Lemma indecomposable_embeds_cat_list {s : tseq Q} {L : list (tseq Q)} :
  indecomposable s -> inhabited (tidx s) -> seq_embeds leQ s (seq_cat_list L) ->
  exists t, In t L /\ seq_embeds leQ s t.
Proof.
  intros Hs Hinh. induction L as [|x L IH]; intros HL.
  - destruct Hinh as [a0], HL as [h _]. destruct (h a0).
  - destruct (indecomposable_embeds_cat Hs Hinh HL) as [Hx|HL'].
    + exists x. split; [left; reflexivity | exact Hx].
    + destruct (IH HL') as [t [Ht Hst]]. exists t. split; [right|]; assumption.
Qed.

(* The tail after an index in the last copy [m] of [r] stays inside that copy. *)
Lemma indecomposable_embeds_last_block {s r : tseq Q} {g} {m : nat} {a} :
  indecomposable s -> is_embedding s (seq_omega r) g ->
  (forall i, fst (g i) <= m) -> fst (g a) = m -> seq_embeds leQ s r.
Proof.
  intros Hs Hg Hbound Ha. destruct (Hs a) as [phi [Hphi Habove]].
  pose proof (is_embedding_comp Hphi Hg) as [Hh Hhv].
  assert (Hblock : forall b, fst (g (phi b)) = m).
  { intros b. specialize (Hbound (phi b)).
    destruct (Habove b) as [-> | Lt]; [exact Ha|].
    destruct (proj1 Hg a (phi b) Lt) as [Lt' | [Eq _]]; lia. }
  exists (fun b => snd (g (phi b))). split.
  - intros i j Hij. destruct (Hh i j Hij) as [Lt | [_ Lt]]; [|exact Lt].
    rewrite !Hblock in Lt. lia.
  - exact Hhv.
Qed.

Lemma indecomposable_embeds_of_below {k : nat} {s r : tseq Q} :
  indecomposable s -> inhabited (tidx s) -> embeds_omega_below k s r ->
  seq_embeds leQ s r.
Proof.
  intros Hs [a0]. induction k as [|k IH]; intros [g [Hg Hbound]].
  - specialize (Hbound a0). lia.
  - destruct (classic (exists a, fst (g a) = k)) as [[a Ha] | Hnone].
    + apply (indecomposable_embeds_last_block Hs Hg (m := k) (a := a)); [|exact Ha].
      intros i. specialize (Hbound i). lia.
    + apply IH. exists g. split; [exact Hg|]. intros i.
      specialize (Hbound i). assert (fst (g i) <> k) by eauto. lia.
Qed.

Lemma ftree_inhabited {t : tree Q} : wf_tree t -> inhabited (tidx (ftree t)).
Proof.
  induction 1 as [q|ts Hne _ IH]; [exact (inhabits tt)|].
  destruct ts as [|t0 ts]; [congruence|].
  destruct (IH t0 (or_introl eq_refl)) as [a]. exact (inhabits (0, inl a)).
Qed.

Lemma indecomposable_ftree (t : tree Q) : indecomposable (ftree t).
Proof. destruct t; [apply indecomposable_single | apply indecomposable_omega]. Qed.

Lemma leT_leaf_ftree (x : Q) (t : tree Q) :
  leT leQ (Leaf x) t <-> exists i, leQ x (tval (ftree t) i).
Proof.
  induction t as [q|ts IH] using tree_nested_ind; split.
  - intros H. inversion H; subst. exists tt. assumption.
  - intros [[] Hx]. constructor. exact Hx.
  - intros H. inversion H as [|? ? t Ht Hxt|]; subst.
    destruct (proj1 (IH t Ht) Hxt) as [i Hi].
    destruct (seq_cat_list_component (in_map ftree _ _ Ht)) as [inj [_ Hval]].
    exists (0, inj i). simpl. rewrite Hval. exact Hi.
  - intros [[n c] Hx]. simpl in Hx.
    destruct (seq_cat_list_val c) as [s [Hs [a Ha]]].
    apply in_map_iff in Hs. destruct Hs as [t [<- Ht]].
    apply leT_leaf_node with t; [exact Ht|].
    apply IH; [exact Ht|]. exists a. rewrite Ha. exact Hx.
Qed.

▶ [ASSIGNED TASK]:
Reproduce every entry above so that each one matches its source exactly.

▶ [REPLY TO THE TASK]:
Lemma indecomposable_embeds_cat_list {s : tseq Q} {L : list (tseq Q)} :
  indecomposable s -> inhabited (tidx s) -> seq_embeds leQ s (seq_cat_list L) ->
  exists t, In t L /\ seq_embeds leQ s t.
Proof.
  intros Hs Hinh. induction L as [|x L IH]; intros HL.
  - destruct Hinh as [a0], HL as [h _]. destruct (h a0).
  - destruct (indecomposable_embeds_cat Hs Hinh HL) as [Hx|HL'].
    + exists x. split; [left; reflexivity | exact Hx].
    + destruct (IH HL') as [t [Ht Hst]]. exists t. split; [right|]; assumption.
Qed.

(* The tail after an index in the last copy [m] of [r] stays inside that copy. *)
Lemma indecomposable_embeds_last_block {s r : tseq Q} {g} {m : nat} {a} :
  indecomposable s -> is_embedding s (seq_omega r) g ->
  (forall i, fst (g i) <= m) -> fst (g a) = m -> seq_embeds leQ s r.
Proof.
  intros Hs Hg Hbound Ha. destruct (Hs a) as [phi [Hphi Habove]].
  pose proof (is_embedding_comp Hphi Hg) as [Hh Hhv].
  assert (Hblock : forall b, fst (g (phi b)) = m).
  { intros b. specialize (Hbound (phi b)).
    destruct (Habove b) as [-> | Lt]; [exact Ha|].
    destruct (proj1 Hg a (phi b) Lt) as [Lt' | [Eq _]]; lia. }
  exists (fun b => snd (g (phi b))). split.
  - intros i j Hij. destruct (Hh i j Hij) as [Lt | [_ Lt]]; [|exact Lt].
    rewrite !Hblock in Lt. lia.
  - exact Hhv.
Qed.

Lemma indecomposable_embeds_of_below {k : nat} {s r : tseq Q} :
  indecomposable s -> inhabited (tidx s) -> embeds_omega_below k s r ->
  seq_embeds leQ s r.
Proof.
  intros Hs [a0]. induction k as [|k IH]; intros [g [Hg Hbound]].
  - specialize (Hbound a0). lia.
  - destruct (classic (exists a, fst (g a) = k)) as [[a Ha] | Hnone].
    + apply (indecomposable_embeds_last_block Hs Hg (m := k) (a := a)); [|exact Ha].
      intros i. specialize (Hbound i). lia.
    + apply IH. exists g. split; [exact Hg|]. intros i.
      specialize (Hbound i). assert (fst (g i) <> k) by eauto. lia.
Qed.

Lemma ftree_inhabited {t : tree Q} : wf_tree t -> inhabited (tidx (ftree t)).
Proof.
  induction 1 as [q|ts Hne _ IH]; [exact (inhabits tt)|].
  destruct ts as [|t0 ts]; [congruence|].
  destruct (IH t0 (or_introl eq_refl)) as [a]. exact (inhabits (0, inl a)).
Qed.

Lemma indecomposable_ftree (t : tree Q) : indecomposable (ftree t).
Proof. destruct t; [apply indecomposable_single | apply indecomposable_omega]. Qed.

Lemma leT_leaf_ftree (x : Q) (t : tree Q) :
  leT leQ (Leaf x) t <-> exists i, leQ x (tval (ftree t) i).
Proof.
  induction t as [q|ts IH] using tree_nested_ind; split.
  - intros H. inversion H; subst. exists tt. assumption.
  - intros [[] Hx]. constructor. exact Hx.
  - intros H. inversion H as [|? ? t Ht Hxt|]; subst.
    destruct (proj1 (IH t Ht) Hxt) as [i Hi].
    destruct (seq_cat_list_component (in_map ftree _ _ Ht)) as [inj [_ Hval]].
    exists (0, inj i). simpl. rewrite Hval. exact Hi.
  - intros [[n c] Hx]. simpl in Hx.
    destruct (seq_cat_list_val c) as [s [Hs [a Ha]]].
    apply in_map_iff in Hs. destruct Hs as [t [<- Ht]].
    apply leT_leaf_node with t; [exact Ht|].
    apply IH; [exact Ht|]. exists a. rewrite Ha. exact Hx.
Qed.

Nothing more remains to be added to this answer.